### THE DATA

⟨

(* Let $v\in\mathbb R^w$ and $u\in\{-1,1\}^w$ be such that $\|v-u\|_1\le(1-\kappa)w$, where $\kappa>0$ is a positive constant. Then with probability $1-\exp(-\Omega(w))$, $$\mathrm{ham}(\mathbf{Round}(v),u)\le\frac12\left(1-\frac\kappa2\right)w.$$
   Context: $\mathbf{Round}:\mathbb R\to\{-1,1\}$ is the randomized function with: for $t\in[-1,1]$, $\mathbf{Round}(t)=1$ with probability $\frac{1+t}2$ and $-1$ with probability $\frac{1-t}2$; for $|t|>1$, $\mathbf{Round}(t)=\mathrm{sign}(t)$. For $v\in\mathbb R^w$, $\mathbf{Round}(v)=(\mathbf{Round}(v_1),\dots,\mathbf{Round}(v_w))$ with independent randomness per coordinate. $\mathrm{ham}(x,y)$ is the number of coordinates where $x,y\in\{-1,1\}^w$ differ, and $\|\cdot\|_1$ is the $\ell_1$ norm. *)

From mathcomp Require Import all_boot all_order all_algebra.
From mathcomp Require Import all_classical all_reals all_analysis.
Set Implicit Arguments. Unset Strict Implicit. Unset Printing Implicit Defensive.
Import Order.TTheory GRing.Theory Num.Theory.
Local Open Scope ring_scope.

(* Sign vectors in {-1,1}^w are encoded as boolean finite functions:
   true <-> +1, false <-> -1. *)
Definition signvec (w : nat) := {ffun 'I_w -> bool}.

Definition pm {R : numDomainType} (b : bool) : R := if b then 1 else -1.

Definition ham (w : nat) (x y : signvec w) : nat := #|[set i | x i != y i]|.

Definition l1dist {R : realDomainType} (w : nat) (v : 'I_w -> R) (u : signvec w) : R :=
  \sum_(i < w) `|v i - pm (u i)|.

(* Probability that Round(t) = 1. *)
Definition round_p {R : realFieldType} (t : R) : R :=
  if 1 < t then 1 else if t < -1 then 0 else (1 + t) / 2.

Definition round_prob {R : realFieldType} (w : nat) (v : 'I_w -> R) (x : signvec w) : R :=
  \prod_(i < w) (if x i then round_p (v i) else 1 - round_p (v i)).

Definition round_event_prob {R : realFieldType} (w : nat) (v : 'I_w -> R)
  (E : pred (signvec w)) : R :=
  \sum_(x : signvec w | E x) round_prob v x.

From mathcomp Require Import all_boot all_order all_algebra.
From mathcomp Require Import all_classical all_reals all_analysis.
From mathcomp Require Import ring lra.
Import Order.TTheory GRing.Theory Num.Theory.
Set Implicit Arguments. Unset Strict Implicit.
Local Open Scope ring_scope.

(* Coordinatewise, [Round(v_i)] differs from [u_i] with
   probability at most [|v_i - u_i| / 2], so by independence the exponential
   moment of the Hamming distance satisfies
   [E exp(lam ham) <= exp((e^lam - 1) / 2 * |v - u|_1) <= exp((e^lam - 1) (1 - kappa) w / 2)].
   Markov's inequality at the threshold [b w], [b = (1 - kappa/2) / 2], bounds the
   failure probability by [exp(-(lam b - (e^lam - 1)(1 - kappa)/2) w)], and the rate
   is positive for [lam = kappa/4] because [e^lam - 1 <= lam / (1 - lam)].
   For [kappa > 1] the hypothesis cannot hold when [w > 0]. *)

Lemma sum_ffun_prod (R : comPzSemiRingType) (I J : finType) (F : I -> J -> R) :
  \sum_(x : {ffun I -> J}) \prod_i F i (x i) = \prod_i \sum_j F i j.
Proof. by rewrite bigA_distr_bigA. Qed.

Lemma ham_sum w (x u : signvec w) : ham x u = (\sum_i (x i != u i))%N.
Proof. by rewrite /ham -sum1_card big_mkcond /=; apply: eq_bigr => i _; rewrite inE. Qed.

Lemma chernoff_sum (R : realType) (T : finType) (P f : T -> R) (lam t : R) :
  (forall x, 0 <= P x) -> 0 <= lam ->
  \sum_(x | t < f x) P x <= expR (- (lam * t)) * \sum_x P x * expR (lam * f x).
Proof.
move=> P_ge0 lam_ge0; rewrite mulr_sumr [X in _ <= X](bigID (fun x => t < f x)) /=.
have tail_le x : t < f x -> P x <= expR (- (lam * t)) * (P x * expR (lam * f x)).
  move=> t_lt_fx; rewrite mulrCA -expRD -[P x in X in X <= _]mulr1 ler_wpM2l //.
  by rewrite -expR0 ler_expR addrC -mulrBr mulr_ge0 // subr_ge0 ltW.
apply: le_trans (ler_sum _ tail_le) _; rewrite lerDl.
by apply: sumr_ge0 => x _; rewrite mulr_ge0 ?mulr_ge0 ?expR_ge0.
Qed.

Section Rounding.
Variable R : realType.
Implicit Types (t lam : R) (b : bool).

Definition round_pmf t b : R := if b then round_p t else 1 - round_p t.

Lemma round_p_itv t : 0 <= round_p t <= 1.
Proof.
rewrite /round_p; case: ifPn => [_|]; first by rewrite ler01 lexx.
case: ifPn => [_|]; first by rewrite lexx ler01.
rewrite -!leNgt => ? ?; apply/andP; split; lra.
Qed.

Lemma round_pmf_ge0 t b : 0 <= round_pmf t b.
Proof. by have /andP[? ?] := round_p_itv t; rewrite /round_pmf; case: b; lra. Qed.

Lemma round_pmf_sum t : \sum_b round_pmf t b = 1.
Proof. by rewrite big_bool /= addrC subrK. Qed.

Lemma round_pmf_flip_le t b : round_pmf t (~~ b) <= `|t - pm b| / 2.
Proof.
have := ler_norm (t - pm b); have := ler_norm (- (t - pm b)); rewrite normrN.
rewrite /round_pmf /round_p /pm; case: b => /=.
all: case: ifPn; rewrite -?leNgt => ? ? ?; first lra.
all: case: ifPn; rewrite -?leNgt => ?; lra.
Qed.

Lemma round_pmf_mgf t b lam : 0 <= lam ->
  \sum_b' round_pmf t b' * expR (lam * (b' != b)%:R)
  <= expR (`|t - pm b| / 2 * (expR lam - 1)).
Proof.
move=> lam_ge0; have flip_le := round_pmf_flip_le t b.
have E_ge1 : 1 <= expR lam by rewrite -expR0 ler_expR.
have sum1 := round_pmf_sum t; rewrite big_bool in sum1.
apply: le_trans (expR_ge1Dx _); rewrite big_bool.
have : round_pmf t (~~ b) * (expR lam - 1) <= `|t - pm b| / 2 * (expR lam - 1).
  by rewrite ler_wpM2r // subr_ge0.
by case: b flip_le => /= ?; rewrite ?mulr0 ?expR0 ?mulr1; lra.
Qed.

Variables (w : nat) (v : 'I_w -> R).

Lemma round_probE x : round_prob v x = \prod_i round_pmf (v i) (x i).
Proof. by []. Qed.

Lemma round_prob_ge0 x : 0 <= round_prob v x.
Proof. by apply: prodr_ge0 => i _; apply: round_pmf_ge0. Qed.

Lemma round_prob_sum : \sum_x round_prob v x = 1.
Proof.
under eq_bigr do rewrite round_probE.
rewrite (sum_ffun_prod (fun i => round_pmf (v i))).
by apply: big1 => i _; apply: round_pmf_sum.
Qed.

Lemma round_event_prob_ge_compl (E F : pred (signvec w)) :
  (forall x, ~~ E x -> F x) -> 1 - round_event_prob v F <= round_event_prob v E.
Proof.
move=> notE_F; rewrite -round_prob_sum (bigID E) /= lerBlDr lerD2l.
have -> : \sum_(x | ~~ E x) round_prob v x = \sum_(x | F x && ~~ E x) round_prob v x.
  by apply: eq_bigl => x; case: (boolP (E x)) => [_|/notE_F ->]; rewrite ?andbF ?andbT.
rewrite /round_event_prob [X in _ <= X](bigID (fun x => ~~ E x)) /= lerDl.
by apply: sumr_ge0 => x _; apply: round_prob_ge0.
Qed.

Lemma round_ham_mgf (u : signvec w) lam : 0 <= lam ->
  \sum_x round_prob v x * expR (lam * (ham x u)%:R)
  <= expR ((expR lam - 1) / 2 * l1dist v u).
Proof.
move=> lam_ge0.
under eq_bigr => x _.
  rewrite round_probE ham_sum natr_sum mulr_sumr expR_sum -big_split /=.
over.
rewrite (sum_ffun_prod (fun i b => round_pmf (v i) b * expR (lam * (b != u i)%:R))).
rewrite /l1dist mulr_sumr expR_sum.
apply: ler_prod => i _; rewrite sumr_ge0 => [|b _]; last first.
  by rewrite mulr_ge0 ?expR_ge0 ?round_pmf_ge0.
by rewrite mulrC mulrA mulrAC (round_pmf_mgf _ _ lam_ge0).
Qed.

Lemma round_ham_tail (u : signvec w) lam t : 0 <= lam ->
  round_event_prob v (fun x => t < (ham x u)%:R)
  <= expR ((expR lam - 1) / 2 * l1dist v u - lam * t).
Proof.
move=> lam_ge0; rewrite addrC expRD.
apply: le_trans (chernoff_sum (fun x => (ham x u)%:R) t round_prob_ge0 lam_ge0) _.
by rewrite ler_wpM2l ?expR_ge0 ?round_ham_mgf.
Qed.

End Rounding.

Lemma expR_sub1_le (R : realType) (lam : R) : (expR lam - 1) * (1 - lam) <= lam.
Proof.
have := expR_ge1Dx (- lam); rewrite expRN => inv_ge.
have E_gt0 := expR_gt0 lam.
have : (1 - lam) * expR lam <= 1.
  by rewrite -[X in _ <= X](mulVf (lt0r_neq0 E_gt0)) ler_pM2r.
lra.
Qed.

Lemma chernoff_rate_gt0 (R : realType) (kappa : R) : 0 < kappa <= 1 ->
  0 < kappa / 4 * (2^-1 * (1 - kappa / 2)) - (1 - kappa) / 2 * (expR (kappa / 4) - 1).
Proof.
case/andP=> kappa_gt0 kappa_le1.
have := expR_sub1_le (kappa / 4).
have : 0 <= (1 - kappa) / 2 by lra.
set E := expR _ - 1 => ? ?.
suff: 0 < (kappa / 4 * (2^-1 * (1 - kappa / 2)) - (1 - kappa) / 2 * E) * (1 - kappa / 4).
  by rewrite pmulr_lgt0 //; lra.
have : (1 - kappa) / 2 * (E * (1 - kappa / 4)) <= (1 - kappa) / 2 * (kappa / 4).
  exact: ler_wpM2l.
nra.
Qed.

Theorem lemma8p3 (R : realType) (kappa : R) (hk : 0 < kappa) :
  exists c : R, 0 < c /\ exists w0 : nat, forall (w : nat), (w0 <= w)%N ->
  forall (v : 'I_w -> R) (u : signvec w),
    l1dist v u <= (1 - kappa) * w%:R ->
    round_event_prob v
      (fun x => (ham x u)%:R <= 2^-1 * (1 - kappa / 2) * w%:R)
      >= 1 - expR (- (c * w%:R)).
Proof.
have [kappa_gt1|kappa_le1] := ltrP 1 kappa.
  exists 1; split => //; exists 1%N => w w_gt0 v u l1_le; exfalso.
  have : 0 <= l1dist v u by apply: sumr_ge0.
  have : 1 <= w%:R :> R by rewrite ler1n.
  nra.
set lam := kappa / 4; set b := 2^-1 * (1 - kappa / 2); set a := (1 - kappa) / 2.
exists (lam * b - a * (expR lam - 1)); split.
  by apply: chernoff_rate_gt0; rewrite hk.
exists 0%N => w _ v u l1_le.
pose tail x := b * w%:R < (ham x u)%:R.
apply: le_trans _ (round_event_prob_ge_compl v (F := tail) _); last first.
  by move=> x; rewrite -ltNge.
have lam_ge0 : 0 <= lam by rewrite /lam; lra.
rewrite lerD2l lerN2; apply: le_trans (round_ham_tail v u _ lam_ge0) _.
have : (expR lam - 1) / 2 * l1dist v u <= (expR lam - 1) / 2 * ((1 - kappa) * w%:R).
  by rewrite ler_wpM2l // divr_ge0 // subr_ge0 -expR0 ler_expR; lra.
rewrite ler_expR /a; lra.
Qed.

⟩

### WORK ORDER
Beginning with the line containing "exists 1; split" in the material above, copy every line exactly until you have copied the line containing "exists 0%N => w _ v u l1_le.".

### ANSWER FOR THE TASK
  exists 1; split => //; exists 1%N => w w_gt0 v u l1_le; exfalso.
  have : 0 <= l1dist v u by apply: sumr_ge0.
  have : 1 <= w%:R :> R by rewrite ler1n.
  nra.
set lam := kappa / 4; set b := 2^-1 * (1 - kappa / 2); set a := (1 - kappa) / 2.
exists (lam * b - a * (expR lam - 1)); split.
  by apply: chernoff_rate_gt0; rewrite hk.
exists 0%N => w _ v u l1_le.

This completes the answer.